▸ **Task**
Two lines mark the range in the entries below: the one holding "move=> Sx; elim: n" and the one holding "Proof. by move/subgroupN; rewrite opprB. Qed.". Set down those two and all lines between them, exactly.

▸ **Material for this task**
(* Let $H<G$ be countable abelian groups such that every element of $G/H$ has odd order, and let $\pi:G\to G/H$ be the quotient map. Let $\{H=G_0<G_1<G_2<\cdots\}$ be a one-step ascending chain associated to $H$, with sequence of generators $\{g_i\}_{i\ge1}$ and (odd) indexes $m_i=[G_i:G_{i-1}]=2k_i+1$. Then every $g\in G$ can be written uniquely as \[g=h_g+\sum_{i=1}^{\infty}r_i g_i\] with $h_g\in H$, $r_i\in[-k_i,k_i]\cap\mathbb Z$, and $r_i=0$ for all $i$ larger than some $i_0$.
   Context: A one-step ascending chain of a countable locally finite group $Q$ is a chain $\{1\}=Q_0<Q_1<\cdots$ of subgroups with $Q=\bigcup_iQ_i$, together with elements $q_i$ such that $Q_i$ is generated by $q_1,\dots,q_i$ and $q_{i+1}\notin Q_i$. Given such a chain $\{Q_i\}$ of $G/H$ (which is locally finite) with generators $q_i$, the associated chain of $G$ is $G_i=\pi^{-1}(Q_i)$; a sequence of generators is any $g_i\in G$ with $\pi(g_i)=q_i$, and the indexes are $m_i=[G_i:G_{i-1}]=[Q_i:Q_{i-1}]$. *)

From HB Require Import structures.
From mathcomp Require Import all_boot all_order all_algebra.
Set Implicit Arguments. Unset Strict Implicit. Unset Printing Implicit Defensive.
Import Order.TTheory GRing.Theory Num.Theory.
Local Open Scope ring_scope.

Definition is_subgroup (G : zmodType) (H : G -> Prop) : Prop :=
  H 0 /\ (forall x y, H x -> H y -> H (x - y)).

(* n is the order of the coset g + H in G/H (H a subgroup):
   the least positive n with n.(g + H) = 0, i.e. g *+ n \in H. *)
Definition coset_order (G : zmodType) (H : G -> Prop) (g : G) (n : nat) : Prop :=
  (0 < n)%N /\ H (g *+ n) /\ (forall m, (0 < m < n)%N -> ~ H (g *+ m)).

(* G_i = pi^{-1}(Q_i) = H + <g_1, ..., g_i>  (generators indexed from 1;
   g 0 is unused). *)
Definition chainG (G : zmodType) (H : G -> Prop) (g : nat -> G) (i : nat)
  (x : G) : Prop :=
  exists h, H h /\ exists c : nat -> int,
    x = h + \sum_(1 <= j < i.+1) g j *~ c j.

(* {G_i} is the one-step ascending chain of G associated to a one-step
   ascending chain {Q_i} of G/H with generators q_i = pi(g_i):
   q_{i} \notin Q_{i-1} for i >= 1, and the union of the Q_i is G/H. *)
Definition one_step_chain (G : zmodType) (H : G -> Prop) (g : nat -> G) : Prop :=
  (forall i, (1 <= i)%N -> ~ chainG H g i.-1 (g i)) /\
  (forall x, exists i, chainG H g i x).

(* [B : A] = m for subgroups A <= B: there are exactly m cosets of A in B,
   i.e. a family of m representatives x_0..x_{m-1} in B such that every
   b in B lies in exactly one coset x_j + A. *)
Definition subgroup_index (G : zmodType) (A B : G -> Prop) (m : nat) : Prop :=
  exists x : 'I_m -> G, (forall j, B (x j)) /\
    (forall b, B b -> exists! j, A (b - x j)).

From HB Require Import structures.
From mathcomp Require Import all_boot all_order all_algebra.
From mathcomp Require Import zify.
From Stdlib Require Import Classical ClassicalEpsilon.
Set Implicit Arguments. Unset Strict Implicit. Unset Printing Implicit Defensive.
Import Order.TTheory GRing.Theory Num.Theory.
Local Open Scope ring_scope.

(* Since G_i = G_(i-1) + <g_i>, the index m_i = [G_i : G_(i-1)] is the order
   of g_i modulo G_(i-1); it divides the order of g_i modulo H, hence is odd,
   m_i = 2 k_i + 1.  So every z g_i is congruent modulo G_(i-1) to r g_i with
   r the balanced residue of z mod m_i, |r| <= k_i; peeling off the top
   generator, induction along the chain gives existence.  For uniqueness,
   the difference of two expansions has coefficients of absolute value
   < m_i; its top term lies in G_(i-1), so its top coefficient vanishes,
   and induction kills all of them. *)

Section Subgroup.
Variables (G : zmodType) (S : G -> Prop).
Hypothesis S_subgroup : is_subgroup S.

Lemma subgroup0 : S 0.
Proof. exact: S_subgroup.1. Qed.

Lemma subgroupB x y : S x -> S y -> S (x - y).
Proof. exact: S_subgroup.2. Qed.

Lemma subgroupN x : S x -> S (- x).
Proof. by move=> Sx; rewrite -sub0r; apply: subgroupB => //; exact: subgroup0. Qed.

Lemma subgroupD x y : S x -> S y -> S (x + y).
Proof. by move=> Sx Sy; rewrite -[y]opprK; apply: subgroupB => //; exact: subgroupN. Qed.

Lemma subgroupMn x n : S x -> S (x *+ n).
Proof.
move=> Sx; elim: n => [|n IHn]; first by rewrite mulr0n; exact: subgroup0.
by rewrite mulrS; exact: subgroupD.
Qed.

Lemma subgroupMz x z : S x -> S (x *~ z).
Proof. by case: z => n Sx /=; [|apply: subgroupN]; exact: subgroupMn. Qed.

Lemma subgroup_subC x y : S (x - y) -> S (y - x).
Proof. by move/subgroupN; rewrite opprB. Qed.

Lemma subgroup_subKr x y z : S (x - z) -> S (y - z) -> S (x - y).
Proof. by move=> Sxz Syz; have := subgroupB Sxz Syz; rewrite opprB addrA subrK. Qed.

Lemma subgroup_mulrz_modz y (M : nat) (z : int) :
  S (y *+ M) -> S (y *~ z - y *~ (z %% M)%Z).
Proof.
move=> SyM; rewrite [X in y *~ X](divz_eq z M) mulrzDr addrK.
by rewrite mulrC mulrzA -pmulrn; exact: subgroupMz.
Qed.

Lemma coset_order_mulrz_eq0 y n (d : int) :
  coset_order S y n -> S (y *~ d) -> (`|d| < n)%N -> d = 0.
Proof.
move=> [_ [_ n_min]] Syd d_lt; apply: NNPP => d_neq0.
apply: (n_min `|d|%N); first lia.
have [d_ge0 | d_lt0] := boolP (0 <= d).
  by rewrite pmulrn gez0_abs.
by rewrite pmulrn ltz0_abs ?mulrNz; [exact: subgroupN | rewrite ltNge].
Qed.

Lemma coset_order_dvdn y n n0 :
  coset_order S y n -> S (y *+ n0) -> (n %| n0)%N.
Proof.
move=> yn Syn0; have [n_gt0 [Syn _]] := yn.
have Sr : S (y *~ (n0 %% n)%N).
  rewrite -modz_nat -[X in S X](subKr (y *~ n0)); apply: subgroupB.
    by rewrite -pmulrn.
  exact: subgroup_mulrz_modz.
have := coset_order_mulrz_eq0 yn Sr; rewrite absz_nat ltn_pmod // => /(_ isT) r0.
by rewrite /dvdn; apply/eqP; lia.
Qed.


Lemma coset_order_exists y n0 : (0 < n0)%N -> S (y *+ n0) -> exists n, coset_order S y n.
Proof.
elim/ltn_ind: n0 => n0 IH n0_gt0 Syn0.
case: (classic (exists t, (0 < t < n0)%N /\ S (y *+ t))) =>
  [[t [/andP [t_gt0 t_lt] Syt]] | n0_min].
  exact: IH t_lt t_gt0 Syt.
by exists n0; split=> //; split=> // t t_range Syt; apply: n0_min; exists t.
Qed.

Lemma subgroup_mulrz_modn y n (z : int) :
  (0 < n)%N -> S (y *+ n) -> exists t : 'I_n, S (y *~ z - y *+ t).
Proof.
move=> n_gt0 Syn; have n_neq0 : n%:Z != 0 by rewrite eqz_nat -lt0n.
have mod_lt : (`|(z %% n)%Z| < n)%N.
  by have := ltz_pmod z (n_gt0 : 0 < n%:Z); have := modz_ge0 z n_neq0; lia.
exists (Ordinal mod_lt) => /=; rewrite pmulrn gez0_abs ?modz_ge0 //.
exact: subgroup_mulrz_modz.
Qed.

Lemma balanced_residue y (M : nat) (z : int) : odd M -> S (y *+ M) ->
  exists r : int, - (M./2)%:Z <= r <= (M./2)%:Z /\ S (y *~ z - y *~ r).
Proof.
move=> M_odd SyM; set k := M./2.
have M_def : M = k.*2.+1 by rewrite -[LHS]odd_double_half M_odd.
have M_gt0 : 0 < M%:Z by rewrite ltz_nat M_def.
exists (((z + k%:Z) %% M)%Z - k%:Z); split.
  have := ltz_pmod (z + k%:Z) M_gt0.
  by have := modz_ge0 (z + k%:Z) (lt0r_neq0 M_gt0); lia.
rewrite mulrzBr opprB addrA -mulrzDr.
exact: subgroup_mulrz_modz.
Qed.
End Subgroup.

Lemma leq_card_total_injective_rel m n (R : 'I_m -> 'I_n -> Prop) :
  (forall i, exists j, R i j) -> (forall i i' j, R i j -> R i' j -> i = i') ->
  (m <= n)%N.
Proof.
move=> /choice [f Rf] R_inj.
have f_inj : injective f by move=> i i' fE; apply: (R_inj i i' (f i)); rewrite // fE.
by have := leq_card f f_inj; rewrite !card_ord.
Qed.

Lemma subgroup_index_cyclic (G : zmodType) (A B : G -> Prop) (y : G) n m :
  is_subgroup A -> (forall x, B x <-> exists a z, A a /\ x = a + y *~ z) ->
  coset_order A y n -> subgroup_index A B m -> m = n.
Proof.
move=> A_sub B_def yn [x [Bx x_cover]]; have [n_gt0 [Ayn _]] := yn.
have t_inj (t t' : 'I_n) : A (y *+ t - y *+ t') -> t = t'.
  rewrite !pmulrn -mulrzBr => /(coset_order_mulrz_eq0 A_sub yn) t_eq.
  have := ltn_ord t; have := ltn_ord t' => t'_lt t_lt.
  have tt'_eq0 : t%:Z - t'%:Z = 0 by apply: t_eq; lia.
  by apply: ord_inj; lia.
have j_inj (j j' : 'I_m) : A (x j - x j') -> j = j'.
  move=> Ajj'; have [k [_ k_uniq]] := x_cover _ (Bx j).
  by rewrite -(k_uniq j) ?subrr ?(k_uniq j') //; exact: subgroup0.
apply/eqP; rewrite eqn_leq; apply/andP; split.
  apply: (@leq_card_total_injective_rel _ _
           (fun (j : 'I_m) (t : 'I_n) => A (x j - y *+ t))).
    move=> j; have [a [z [Aa ->]]] := (B_def _).1 (Bx j).
    have [t Ayt] := subgroup_mulrz_modn A_sub z n_gt0 Ayn.
    by exists t; rewrite -addrA; exact: subgroupD.
  by move=> j j' t Ajt Aj't; apply: j_inj; exact: (subgroup_subKr A_sub Ajt Aj't).
apply: (@leq_card_total_injective_rel _ _
         (fun (t : 'I_n) (j : 'I_m) => A (x j - y *+ t))).
  move=> t; have /x_cover [j [Atj _]] : B (y *+ t).
    by apply/B_def; exists 0, t; rewrite add0r pmulrn; split=> //; exact: subgroup0.
  by exists j; exact: subgroup_subC.
move=> t t' j Ajt Ajt'; apply: t_inj.
by apply: (subgroup_subKr A_sub (z := x j)); exact: subgroup_subC.
Qed.

Lemma sum_mulrz_widen (V : zmodType) (g : nat -> V) (r : nat -> int) (i0 N : nat) :
  (i0 <= N)%N -> (forall j, (i0 < j)%N -> r j = 0) ->
  \sum_(1 <= j < i0.+1) g j *~ r j = \sum_(1 <= j < N.+1) g j *~ r j.
Proof.
move=> le_i0N r0; rewrite [RHS](big_cat_nat _ (n := i0.+1)) //.
rewrite [X in _ = _ + X]big_nat [X in _ = _ + X]big1 ?addr0 //.
by move=> j /andP [i0_lt _]; rewrite r0 ?mulr0z.
Qed.

Lemma sum_mulrz_set_last (V : zmodType) (g : nat -> V) (r : nat -> int) i (c : int) :
  \sum_(1 <= j < i.+2) g j *~ (if j == i.+1 then c else r j)
    = \sum_(1 <= j < i.+1) g j *~ r j + g i.+1 *~ c.
Proof.
rewrite big_nat_recr //= eqxx; congr (_ + _).
by apply: eq_big_nat => j /andP [_ j_lt]; rewrite ifN // neq_ltn j_lt.
Qed.

Section Chain.
Variables (G : zmodType) (H : G -> Prop) (g : nat -> G).
Hypothesis H_subgroup : is_subgroup H.

Lemma chainG_subgroup i : is_subgroup (chainG H g i).
Proof.
split.
  exists 0; split; first exact: subgroup0.
  by exists (fun _ => 0); rewrite big1 ?addr0 // => j _; rewrite mulr0z.
move=> _ _ [h1 [Hh1 [c1 ->]]] [h2 [Hh2 [c2 ->]]].
exists (h1 - h2); split; first exact: subgroupB.
exists (fun j => c1 j - c2 j).
by rewrite opprD addrACA -sumrB; congr (_ + _); apply: eq_bigr => j _; rewrite mulrzBr.
Qed.

Lemma chainG_of_H i x : H x -> chainG H g i x.
Proof.
move=> Hx; exists x; split=> //; exists (fun _ => 0).
by rewrite big1 ?addr0 // => j _; rewrite mulr0z.
Qed.

Lemma chainG0 x : chainG H g 0 x -> H x.
Proof. by move=> [h [Hh [c ->]]]; rewrite big_geq // addr0. Qed.

Lemma chainGS i x :
  chainG H g i.+1 x <-> exists y z, chainG H g i y /\ x = y + g i.+1 *~ z.
Proof.
split=> [[h [Hh [c ->]]] | [y [z [[h [Hh [c ->]]] ->]]]].
  exists (h + \sum_(1 <= j < i.+1) g j *~ c j), (c i.+1); split.
    by exists h; split=> //; exists c.
  by rewrite big_nat_recr //= addrA.
exists h; split=> //; exists (fun j => if j == i.+1 then z else c j).
by rewrite sum_mulrz_set_last addrA.
Qed.

Lemma chainG_coset_order (m : nat -> nat) :
  (forall x, exists n, coset_order H x n /\ odd n) ->
  (forall i, (1 <= i)%N -> subgroup_index (chainG H g i.-1) (chainG H g i) (m i)) ->
  forall i, (1 <= i)%N -> coset_order (chainG H g i.-1) (g i) (m i) /\ odd (m i).
Proof.
move=> coset_order_odd index_m [//|i] _ /=.
have [n0 [[n0_gt0 [Hgn0 _]] n0_odd]] := coset_order_odd (g i.+1).
have [n gn] := coset_order_exists n0_gt0 (chainG_of_H i Hgn0).
have -> : m i.+1 = n.
  apply: (subgroup_index_cyclic (chainG_subgroup i) _ gn (index_m i.+1 isT)).
  exact: chainGS.
split=> //; apply: contraTT n0_odd; rewrite -!dvdn2 => n_even.
exact: dvdn_trans n_even (coset_order_dvdn (chainG_subgroup i) gn (chainG_of_H i Hgn0)).
Qed.

Variable m : nat -> nat.
Hypothesis m_coset_order :
  forall i, (1 <= i)%N -> coset_order (chainG H g i.-1) (g i) (m i) /\ odd (m i).

Lemma expansion_exists i x : chainG H g i x ->
  exists h (r : nat -> int),
    [/\ H h, forall j, (1 <= j)%N -> - ((m j)./2)%:Z <= r j <= ((m j)./2)%:Z,
        forall j, (i < j)%N -> r j = 0
      & x = h + \sum_(1 <= j < i.+1) g j *~ r j].
Proof.
elim: i x => [|i IH] x.
  move=> /chainG0 Hx; exists x, (fun _ => 0); split=> //; first by move=> j _; lia.
  by rewrite big_geq // addr0.
move=> /chainGS [y [z [y_in ->]]].
have [[_ [gm _]] m_odd] := m_coset_order (i := i.+1) isT.
have [r0 [r0_bound gz_r0]] := balanced_residue (chainG_subgroup i) z m_odd gm.
have [h [r [Hh r_bound r_supp y_eq]]] := IH _ (subgroupD (chainG_subgroup i) y_in gz_r0).
exists h, (fun j => if j == i.+1 then r0 else r j); split=> //.
- by move=> j j_gt0; case: eqP => [-> // | _]; exact: r_bound.
- by move=> j i_lt; rewrite ifN ?r_supp ?neq_ltn ?i_lt ?orbT // ltnW.
by rewrite sum_mulrz_set_last addrA -y_eq addrA subrK.
Qed.

Lemma expansion_eq0 N h (d : nat -> int) : H h ->
  (forall j, (1 <= j)%N -> (`|d j| < m j)%N) ->
  h + \sum_(1 <= j < N.+1) g j *~ d j = 0 ->
  h = 0 /\ forall j, (1 <= j <= N)%N -> d j = 0.
Proof.
move=> + d_bound; elim: N h => [|N IH] h Hh.
  by rewrite big_geq // addr0 => ->; split=> // j; lia.
rewrite big_nat_recr //= addrA => sum0.
have [gm _] := m_coset_order (i := N.+1) isT.
have dN : d N.+1 = 0.
  apply: (coset_order_mulrz_eq0 (chainG_subgroup N) gm); last exact: d_bound.
  have -> : g N.+1 *~ d N.+1 = - (h + \sum_(1 <= j < N.+1) g j *~ d j).
    by apply/eqP; rewrite -addr_eq0 addrC sum0.
  by apply: (subgroupN (chainG_subgroup N)); exists h; split=> //; exists d.
rewrite dN mulr0z addr0 in sum0.
have [-> d0] := IH h Hh sum0.
split=> // j /andP [j_gt0]; rewrite leq_eqVlt => /orP [/eqP -> // | j_lt].
by apply: d0; lia.
Qed.
End Chain.

Theorem mainTheorem13 (G : countZmodType) (H : G -> Prop)
  (Hsub : is_subgroup H) (Hproper : exists x : G, ~ H x)
  (Hodd : forall x : G, exists n, coset_order H x n /\ odd n)
  (g : nat -> G) (Hchain : one_step_chain H g)
  (m : nat -> nat)
  (Hm : forall i, (1 <= i)%N -> subgroup_index (chainG H g i.-1) (chainG H g i) (m i)) :
  (forall i, (1 <= i)%N -> odd (m i)) /\
  let k := fun i => (m i)./2 in
  forall x : G,
    (exists (h : G) (r : nat -> int) (i0 : nat),
       H h /\
       (forall i, (1 <= i)%N -> - (k i)%:Z <= r i <= (k i)%:Z) /\
       (forall i, (i0 < i)%N -> r i = 0) /\
       x = h + \sum_(1 <= i < i0.+1) g i *~ r i) /\
    (forall (h h' : G) (r r' : nat -> int) (i0 i0' : nat),
       H h -> H h' ->
       (forall i, (1 <= i)%N -> - (k i)%:Z <= r i <= (k i)%:Z) ->
       (forall i, (1 <= i)%N -> - (k i)%:Z <= r' i <= (k i)%:Z) ->
       (forall i, (i0 < i)%N -> r i = 0) ->
       (forall i, (i0' < i)%N -> r' i = 0) ->
       x = h + \sum_(1 <= i < i0.+1) g i *~ r i ->
       x = h' + \sum_(1 <= i < i0'.+1) g i *~ r' i ->
       h = h' /\ forall i, (1 <= i)%N -> r i = r' i).
Proof.
(* Neither [Hproper] nor the strictness [Hchain.1] of the chain is needed. *)
have m_fact := chainG_coset_order Hsub Hodd Hm.
split=> [i /m_fact [] // | k x]; split.
  have [i x_in] := Hchain.2 x.
  have [h [r [Hh r_bound r_supp ->]]] := expansion_exists Hsub m_fact x_in.
  by exists h, r, i.
move=> h h' r r' i0 i0' Hh Hh' r_bound r'_bound r_supp r'_supp x_eq x_eq'.
set N := maxn i0 i0'.
rewrite (sum_mulrz_widen g (leq_maxl i0 i0') r_supp) in x_eq.
rewrite (sum_mulrz_widen g (leq_maxr i0 i0') r'_supp) in x_eq'.
have diff_bound i : (1 <= i)%N -> (`|r i - r' i| < m i)%N.
  move=> i_gt0; have := r_bound _ i_gt0; have := r'_bound _ i_gt0; rewrite /k.
  have [_ m_odd] := m_fact _ i_gt0.
  by have := odd_double_half (m i); rewrite m_odd; lia.
have diff0 : h - h' + \sum_(1 <= i < N.+1) g i *~ (r i - r' i) = 0.
  under eq_bigr do rewrite mulrzBr.
  by rewrite sumrB addrACA -opprD -x_eq -x_eq' subrr.
have [/subr0_eq -> diff_eq0] :=
  expansion_eq0 Hsub m_fact (subgroupB Hsub Hh Hh') diff_bound diff0.
split=> // i i_gt0; have [i_le | N_lt] := leqP i N.
  by apply/subr0_eq/diff_eq0; rewrite i_gt0.
by rewrite r_supp ?r'_supp // (leq_ltn_trans _ N_lt) // ?leq_maxl ?leq_maxr.
Qed.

▸ **Answer for the task**
move=> Sx; elim: n => [|n IHn]; first by rewrite mulr0n; exact: subgroup0.
by rewrite mulrS; exact: subgroupD.
Qed.

Lemma subgroupMz x z : S x -> S (x *~ z).
Proof. by case: z => n Sx /=; [|apply: subgroupN]; exact: subgroupMn. Qed.

Lemma subgroup_subC x y : S (x - y) -> S (y - x).
Proof. by move/subgroupN; rewrite opprB. Qed.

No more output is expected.